# Directions
Restate every line of the material that follows, word for word.

# Data excerpts
(* Let $N \ge 3$, let $0 \le z_1 < \dots < z_N < 1$ and let $\mu = \sum_{i=1}^N N^{-1}\delta_{z_i}$ be the uniform discrete probability distribution on $[0,1]$. Then the eigenvalues of the $\mu$-Laplacian $\Delta^\mu$ are $\lambda_l = -2N^2 + 2N^2\cos(2\pi l/N)$ for $l\in\{0,\dots,N-1\}$, with corresponding eigenfunctions $f_l \in \mathscr D^2_\mu$ given by: (1) $f_0$ is the constant function with value $1$; (2) for $0 < l < N/2$: $f_l|_{[0,z_1]\cup(z_N,1]} = 0$ and $f_l|_{(z_j,z_{j+1}]} = \operatorname{Im}\big(e^{2\pi\mathbf i\, jl/N}\big)$ for $j\in\{1,\dots,N-1\}$; (3) for $N/2 \le l \le N-1$: $f_l|_{[0,z_1]\cup(z_N,1]} = 1$ and $f_l|_{(z_j,z_{j+1}]} = \operatorname{Re}\big(e^{2\pi\mathbf i\, jl/N}\big)$ for $j\in\{1,\dots,N-1\}$.
   Context: $\delta_z$ is the Dirac measure at $z$; $\mathbf i$ is the imaginary unit. $L^2_\mu$ is the space of $\mu$-a.e. classes of real square-integrable functions on $[0,1]$ with inner product $\langle f,g\rangle_\mu = \sum_{i=1}^N \alpha_i f(z_i)g(z_i)$ (here $\alpha_i = 1/N$). $\mathscr D^1_\mu$ is the set of functions $f$ on $[0,1]$ for which there is $f' \in L^2_\mu$ with $f(0)=f(1)$ and $f(x) = f(0) + \int \mathbf 1_{[0,x)} f'\,d\mu$ for all $x\in[0,1]$ (with $[0,0)=\emptyset$); then $\nabla^\mu f := f'$, explicitly $\nabla^\mu f(z_n) = (f(z_{n+1})-f(z_n))/\alpha_n$ for $n<N$ and $\nabla^\mu f(z_N) = (f(z_1)-f(z_N))/\alpha_N$. Every class of $L^2_\mu$ has a representative in $\mathscr D^1_\mu$. The energy form is $\mathcal E(f,g) = \langle \nabla^\mu f, \nabla^\mu g\rangle_\mu$. A function $f \in \mathscr D^1_\mu$ belongs to $\mathscr D^2_\mu$ if there is $h \in L^2_\mu$ with $\mathcal E(f,g) = -\langle h, g\rangle_\mu$ for all $g\in\mathscr D^1_\mu$, and then $\Delta^\mu f := h$. *)

From HB Require Import structures.
From mathcomp Require Import all_boot all_order all_algebra.
From mathcomp Require Import all_classical all_reals all_analysis.
Set Implicit Arguments. Unset Strict Implicit. Unset Printing Implicit Defensive.
Import Order.TTheory GRing.Theory Num.Theory.
Local Open Scope ring_scope.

# Result of this exercise
(* Let $N \ge 3$, let $0 \le z_1 < \dots < z_N < 1$ and let $\mu = \sum_{i=1}^N N^{-1}\delta_{z_i}$ be the uniform discrete probability distribution on $[0,1]$. Then the eigenvalues of the $\mu$-Laplacian $\Delta^\mu$ are $\lambda_l = -2N^2 + 2N^2\cos(2\pi l/N)$ for $l\in\{0,\dots,N-1\}$, with corresponding eigenfunctions $f_l \in \mathscr D^2_\mu$ given by: (1) $f_0$ is the constant function with value $1$; (2) for $0 < l < N/2$: $f_l|_{[0,z_1]\cup(z_N,1]} = 0$ and $f_l|_{(z_j,z_{j+1}]} = \operatorname{Im}\big(e^{2\pi\mathbf i\, jl/N}\big)$ for $j\in\{1,\dots,N-1\}$; (3) for $N/2 \le l \le N-1$: $f_l|_{[0,z_1]\cup(z_N,1]} = 1$ and $f_l|_{(z_j,z_{j+1}]} = \operatorname{Re}\big(e^{2\pi\mathbf i\, jl/N}\big)$ for $j\in\{1,\dots,N-1\}$.
   Context: $\delta_z$ is the Dirac measure at $z$; $\mathbf i$ is the imaginary unit. $L^2_\mu$ is the space of $\mu$-a.e. classes of real square-integrable functions on $[0,1]$ with inner product $\langle f,g\rangle_\mu = \sum_{i=1}^N \alpha_i f(z_i)g(z_i)$ (here $\alpha_i = 1/N$). $\mathscr D^1_\mu$ is the set of functions $f$ on $[0,1]$ for which there is $f' \in L^2_\mu$ with $f(0)=f(1)$ and $f(x) = f(0) + \int \mathbf 1_{[0,x)} f'\,d\mu$ for all $x\in[0,1]$ (with $[0,0)=\emptyset$); then $\nabla^\mu f := f'$, explicitly $\nabla^\mu f(z_n) = (f(z_{n+1})-f(z_n))/\alpha_n$ for $n<N$ and $\nabla^\mu f(z_N) = (f(z_1)-f(z_N))/\alpha_N$. Every class of $L^2_\mu$ has a representative in $\mathscr D^1_\mu$. The energy form is $\mathcal E(f,g) = \langle \nabla^\mu f, \nabla^\mu g\rangle_\mu$. A function $f \in \mathscr D^1_\mu$ belongs to $\mathscr D^2_\mu$ if there is $h \in L^2_\mu$ with $\mathcal E(f,g) = -\langle h, g\rangle_\mu$ for all $g\in\mathscr D^1_\mu$, and then $\Delta^\mu f := h$. *)

From HB Require Import structures.
From mathcomp Require Import all_boot all_order all_algebra.
From mathcomp Require Import all_classical all_reals all_analysis.
Set Implicit Arguments. Unset Strict Implicit. Unset Printing Implicit Defensive.
Import Order.TTheory GRing.Theory Num.Theory.
Local Open Scope ring_scope.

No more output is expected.